++++ Records for the exercise ++++

(* There is no binary self-orthogonal $[72,7,34]$ code.
   Context: A binary linear code $C$ is self-orthogonal if $C\subseteq C^\perp$. *)

From HB Require Import structures.
From mathcomp Require Import all_boot all_order all_algebra.
Set Implicit Arguments. Unset Strict Implicit. Unset Printing Implicit Defensive.
Import GRing.Theory.
Local Open Scope ring_scope.

Definition bcode (n : nat) := {vspace 'rV['F_2]_n}.

Definition wt (n : nat) (u : 'rV['F_2]_n) : nat := #|[set i | u 0 i != 0]|.

Definition bdot (n : nat) (u v : 'rV['F_2]_n) : 'F_2 := \sum_i u 0 i * v 0 i.

Definition self_orthogonal (n : nat) (C : bcode n) : Prop :=
  forall u v, u \in C -> v \in C -> bdot u v = 0.

Definition min_dist (n : nat) (C : bcode n) (d : nat) : Prop :=
  (exists2 c, c \in C & (c != 0) /\ wt c = d) /\
  (forall c, c \in C -> c != 0 -> (d <= wt c)%N).

Definition is_nkd_code (n k d : nat) (C : bcode n) : Prop :=
  \dim C = k /\ min_dist C d.

(* In a self-orthogonal
   binary code all weights are even and wt (u + v) = wt u + wt v (mod 4), so
   the words of weight divisible by 4 form a subcode of index at most 2.  For
   a self-orthogonal [72,7,34] code this subcode has dimension at least 6 and
   minimum weight at least 36, but the Griesmer bound then asks for length
   36 + 18 + 9 + 5 + 3 + 2 = 73 > 72.  The Griesmer bound is proved by the
   residual-code induction: deleting the support of a minimum-weight word c
   keeps at least half of the words, and their weights are at least wt c / 2
   because wt v + wt (v + c) = wt c + 2 wt (residual c v). *)

From mathcomp Require Import all_boot all_order all_algebra all_field zify.
Set Implicit Arguments. Unset Strict Implicit.
Import GRing.Theory.
Local Open Scope ring_scope.

Lemma F2_addr_neq0 (a b : 'F_2) : (a + b != 0) = (a != 0) (+) (b != 0).
Proof. by move: a b; do 2!case=> [[|[|//]] ?]. Qed.

Lemma F2_mulrE (a b : 'F_2) : a * b = ((a != 0) && (b != 0))%:R.
Proof. by move: a b; do 2!case=> [[|[|//]] ?]; apply/val_inj. Qed.

Lemma pchar_F2 : 2 \in [pchar 'F_2].
Proof. exact: pchar_Fp. Qed.

Section Weights.

Variable m : nat.
Implicit Types u v c : 'rV['F_2]_m.

Definition supp u : {set 'I_m} := [set i | u 0 i != 0].

Lemma card_supp u : #|supp u| = wt u.
Proof. by []. Qed.

Lemma opp_rowF2 v : - v = v.
Proof. by apply/rowP => i; rewrite mxE (oppr_pchar2 pchar_F2). Qed.

Lemma addr_eq0_F2 u v : (u + v == 0) = (u == v).
Proof. by rewrite addr_eq0 opp_rowF2. Qed.

Lemma wt_eq0 v : (wt v == 0%N) = (v == 0).
Proof.
rewrite -card_supp cards_eq0; apply/eqP/eqP => [supp0|->]; last first.
  by apply/setP => i; rewrite !inE mxE eqxx.
apply/rowP => i; rewrite mxE; apply/eqP/(contraFT _ (in_set0 i)) => ui_neq0.
by rewrite -supp0 inE.
Qed.

Lemma wt0 : wt (0 : 'rV['F_2]_m) = 0%N.
Proof. by apply/eqP; rewrite wt_eq0. Qed.

Lemma suppD u v :
  supp (u + v) = (supp u :|: supp v) :\: (supp u :&: supp v).
Proof.
apply/setP => i; rewrite !inE mxE F2_addr_neq0.
by case: (u 0 i != 0); case: (v 0 i != 0).
Qed.

Lemma wtD u v : (wt (u + v) + 2 * #|supp u :&: supp v| = wt u + wt v)%N.
Proof.
have sIU : supp u :&: supp v \subset supp u :|: supp v.
  exact: subset_trans (subsetIl _ _) (subsetUl _ _).
rewrite -!card_supp suppD cardsD (setIidPr sIU) -cardsUI.
have := subset_leq_card sIU; lia.
Qed.

Lemma bdotE u v : bdot u v = #|supp u :&: supp v|%:R.
Proof.
rewrite /bdot -sum1_card natr_sum [RHS]big_mkcond /=.
by apply: eq_bigr => i _; rewrite !inE F2_mulrE; case: (_ && _).
Qed.

End Weights.

Section SelfOrthogonal.

Variables (n : nat) (C : bcode n).
Hypothesis soC : self_orthogonal C.

Lemma dvdn_supp_inter u v :
  u \in C -> v \in C -> (2 %| #|supp u :&: supp v|)%N.
Proof. by move=> uC vC; rewrite (dvdn_pcharf pchar_F2) -bdotE soC. Qed.

Lemma wt_even u : u \in C -> (2 %| wt u)%N.
Proof. by move=> uC; rewrite -card_supp -(setIid (supp u)) dvdn_supp_inter. Qed.

Lemma wtD_mod4 u v : u \in C -> v \in C -> wt (u + v) = (wt u + wt v)%N %[mod 4].
Proof.
move=> uC vC; rewrite -wtD; have /dvdnP[j ->] := dvdn_supp_inter uC vC.
by rewrite mulnCA addnC modnMDl.
Qed.

Definition doubly_even_part : {set 'rV['F_2]_n} :=
  [set v | (v \in C) && (4 %| wt v)%N].

Lemma doubly_even_part_addr_closed : addr_closed doubly_even_part.
Proof.
split=> [|u v]; first by rewrite inE mem0v wt0.
rewrite !inE => /andP[uC u4] /andP[vC v4]; rewrite memvD //=.
by rewrite /dvdn wtD_mod4 // -modnDm (eqP u4) (eqP v4).
Qed.

Lemma card_doubly_even_part : (#|C| <= 2 * #|doubly_even_part|)%N.
Proof.
set S := doubly_even_part; set N := [set v | (v \in C) && ~~ (4 %| wt v)%N].
have splitC : #|C| = (#|S| + #|N|)%N.
  rewrite -cardsUI (_ : S :&: N = set0) ?cards0 ?addn0; last first.
    by apply/setP => v; rewrite !inE; case: (4 %| _)%N; rewrite ?andbF.
  by apply: eq_card => v; rewrite !inE -andb_orr orbN andbT.
suff : (#|N| <= #|S|)%N by lia.
have [N0 | [c0 c0N]] := set_0Vmem N; first by rewrite N0 cards0.
move: c0N; rewrite inE => /andP[c0C c0_not4].
rewrite -(card_imset _ (addIr c0)).
apply/subset_leq_card/subsetP => _ /imsetP[v + ->].
rewrite !inE => /andP[vC v_not4]; rewrite memvD //=.
have := wtD_mod4 vC c0C; have := wt_even vC; have := wt_even c0C.
move: v_not4 c0_not4; rewrite /dvdn; lia.
Qed.

End SelfOrthogonal.

(* [griesmer_bound k d] is [\sum_(i < k) ceil (d / 2 ^ i)]. *)
Fixpoint griesmer_bound (k d : nat) : nat :=
  if k is k'.+1 then d + griesmer_bound k' (uphalf d) else 0.

Lemma leq_griesmer_bound k d d' :
  (d <= d')%N -> (griesmer_bound k d <= griesmer_bound k d')%N.
Proof.
elim: k d d' => [//|k IHk] d d' le_dd' /=.
by rewrite leq_add // IHk //; lia.
Qed.

Section Residual.

Variable m : nat.
Implicit Types u v c : 'rV['F_2]_m.
Implicit Types S : {set 'rV['F_2]_m}.

Definition residual c v : 'rV['F_2]_m := \row_i (if c 0 i == 0 then v 0 i else 0).

Lemma residualD c u v : residual c (u + v) = residual c u + residual c v.
Proof. by apply/rowP => i; rewrite !mxE; case: ifP; rewrite ?addr0. Qed.

Lemma residual0 c : residual c 0 = 0.
Proof. by apply/rowP => i; rewrite !mxE if_same. Qed.

Lemma residual_self c : residual c c = 0.
Proof. by apply/rowP => i; rewrite !mxE; case: eqP. Qed.

Lemma supp_residual c v : supp (residual c v) = supp v :\: supp c.
Proof.
by apply/setP => i; rewrite !inE mxE negbK; case: (c 0 i == 0); rewrite ?eqxx.
Qed.

Lemma wt_residual c v : (wt v + wt (v + c) = wt c + 2 * wt (residual c v))%N.
Proof.
have := wtD v c; rewrite -!card_supp supp_residual cardsD.
have := subset_leq_card (subsetIl (supp v) (supp c)); lia.
Qed.

Lemma residual_image_addr_closed c S :
  addr_closed S -> addr_closed (residual c @: S).
Proof.
move=> [S0 SD]; split; first by apply/imsetP; exists 0; rewrite ?residual0.
move=> _ _ /imsetP[u uS ->] /imsetP[v vS ->].
by apply/imsetP; exists (u + v); rewrite ?SD ?residualD.
Qed.

Lemma exists_min_wt S :
  (exists2 v, v \in S & v != 0) ->
  exists c, [/\ c \in S, c != 0 &
              forall v, v \in S -> v != 0 -> (wt c <= wt v)%N].
Proof.
case=> v vS v_neq0.
case: (@arg_minnP _ v [pred u | (u \in S) && (u != 0)] (@wt m)) => [|c].
  by rewrite /= vS.
move=> /andP[cS c_neq0] c_min.
by exists c; split=> // u uS u_neq0; apply: c_min; rewrite /= uS.
Qed.

Section ResidualOfMinimalWord.

Variables (S : {set 'rV['F_2]_m}) (c : 'rV['F_2]_m).
Hypotheses (S_closed : addr_closed S) (cS : c \in S) (c_neq0 : c != 0).
Hypothesis c_min : forall v, v \in S -> v != 0 -> (wt c <= wt v)%N.

Lemma residual_eq0 v : v \in S -> residual c v = 0 -> v = 0 \/ v = c.
Proof.
move=> vS res0; have [-> | v_neq0] := eqVneq v 0; [by left | right].
have wt_vc0 : wt (v + c) = 0%N.
  by have := c_min vS v_neq0; have := wt_residual c v; rewrite res0 wt0; lia.
by move/eqP: wt_vc0; rewrite wt_eq0 addr_eq0_F2 => /eqP.
Qed.

Lemma card_residual_image : (#|S| <= 2 * #|residual c @: S|)%N.
Proof.
have [i0] : exists i0, i0 \in supp c.
  by apply/set0Pn; rewrite -cards_eq0 card_supp wt_eq0.
rewrite inE => c_i0.
(* The fibres of [residual c] on [S] are the pairs [{v, v + c}], which the
   coordinate [i0] separates. *)
pose f v := (residual c v, v 0 i0).
have f_inj : {in S &, injective f}.
  move=> u v uS vS [res_uv i0_uv].
  have uvS : u + v \in S by case: S_closed => _; apply.
  have : residual c (u + v) = 0.
    by apply/eqP; rewrite residualD res_uv addr_eq0_F2.
  case/(residual_eq0 uvS) => [/eqP | uvc]; first by rewrite addr_eq0_F2 => /eqP.
  by move: c_i0; rewrite -uvc mxE i0_uv (addrr_pchar2 pchar_F2) eqxx.
have f_S : f @: S \subset setX (residual c @: S) [set: 'F_2].
  by apply/subsetP => _ /imsetP[v vS ->]; rewrite in_setX in_setT andbT imset_f.
rewrite -(card_in_imset f_inj) mulnC.
by have := subset_leq_card f_S; rewrite cardsX cardsT card_Fp.
Qed.

Lemma wt_residual_ge v :
  v \in S -> residual c v != 0 -> (uphalf (wt c) <= wt (residual c v))%N.
Proof.
move=> vS res_neq0.
have v_neq0 : v != 0 by apply: contraNneq res_neq0 => ->; rewrite residual0.
have vc_neq0 : v + c != 0.
  apply: contraNneq res_neq0 => /eqP; rewrite addr_eq0_F2 => /eqP ->.
  by rewrite residual_self.
have vcS : v + c \in S by case: S_closed => _; apply.
have := wt_residual c v; have := c_min vS v_neq0; have := c_min vcS vc_neq0; lia.
Qed.

End ResidualOfMinimalWord.

Lemma griesmer k d S (U : {set 'I_m}) :
    addr_closed S -> (forall u, u \in S -> supp u \subset U) ->
    (2 ^ k <= #|S|)%N -> (forall u, u \in S -> u != 0 -> (d <= wt u)%N) ->
  (griesmer_bound k d <= #|U|)%N.
Proof.
elim: k d S U => [//|k IHk] d S U S_closed suppS cardS wtS /=.
have [|c [cS c_neq0 c_min]] := exists_min_wt (S := S).
  have /card_gt1P[x [y [xS yS xy]]] : (1 < #|S|)%N.
    by apply: leq_trans cardS; rewrite expnS leq_pmulr ?expn_gt0.
  by have [x0 | ] := eqVneq x 0; [exists y; rewrite // -x0 eq_sym | exists x].
have residual_bound : (griesmer_bound k (uphalf (wt c)) <= #|U :\: supp c|)%N.
  apply: (IHk _ (residual c @: S)).
  - exact: residual_image_addr_closed.
  - by move=> _ /imsetP[v vS ->]; rewrite supp_residual setSD ?suppS.
  - rewrite -(leq_pmul2l (isT : 0 < 2)%N) -expnS.
    exact: leq_trans cardS (card_residual_image S_closed cS c_neq0 c_min).
  - move=> _ /imsetP[v vS ->].
    exact: (wt_residual_ge S_closed cS c_neq0 c_min vS).
have le_dc : (d <= wt c)%N by apply: wtS.
have supp_cU : supp c \subset U by apply: suppS.
have le_cU : (wt c <= #|U|)%N by rewrite -card_supp subset_leq_card.
have le_half : (uphalf d <= uphalf (wt c))%N by lia.
move: residual_bound; rewrite cardsD (setIidPr supp_cU) card_supp leq_subRL //.
exact: leq_trans (leq_add le_dc (leq_griesmer_bound k le_half)).
Qed.

End Residual.

Theorem proposition6p10 :
  ~ exists C : bcode 72, is_nkd_code 7 34 C /\ self_orthogonal C.
Proof.
move=> [C [[dimC [_ wtC]] soC]].
set S := doubly_even_part C.
have cardS : (2 ^ 6 <= #|S|)%N.
  have := card_doubly_even_part soC.
  by rewrite card_vspace dimC card_Fp // expnS leq_pmul2l.
have wtS u : u \in S -> u != 0 -> (36 <= wt u)%N.
  rewrite inE => /andP[uC wt4] u_neq0; have := wtC u uC u_neq0.
  by move: wt4; rewrite /dvdn; lia.
have := griesmer (doubly_even_part_addr_closed soC)
  (fun u _ => subsetT (supp u)) cardS wtS.
by rewrite cardsT card_ord.
Qed.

++++

Set down, word for word, each line from the top of the records above through the line with "(exists2 c, c".

**Exercise response**
(* There is no binary self-orthogonal $[72,7,34]$ code.
   Context: A binary linear code $C$ is self-orthogonal if $C\subseteq C^\perp$. *)

From HB Require Import structures.
From mathcomp Require Import all_boot all_order all_algebra.
Set Implicit Arguments. Unset Strict Implicit. Unset Printing Implicit Defensive.
Import GRing.Theory.
Local Open Scope ring_scope.

Definition bcode (n : nat) := {vspace 'rV['F_2]_n}.

Definition wt (n : nat) (u : 'rV['F_2]_n) : nat := #|[set i | u 0 i != 0]|.

Definition bdot (n : nat) (u v : 'rV['F_2]_n) : 'F_2 := \sum_i u 0 i * v 0 i.

Definition self_orthogonal (n : nat) (C : bcode n) : Prop :=
  forall u v, u \in C -> v \in C -> bdot u v = 0.

Definition min_dist (n : nat) (C : bcode n) (d : nat) : Prop :=
  (exists2 c, c \in C & (c != 0) /\ wt c = d) /\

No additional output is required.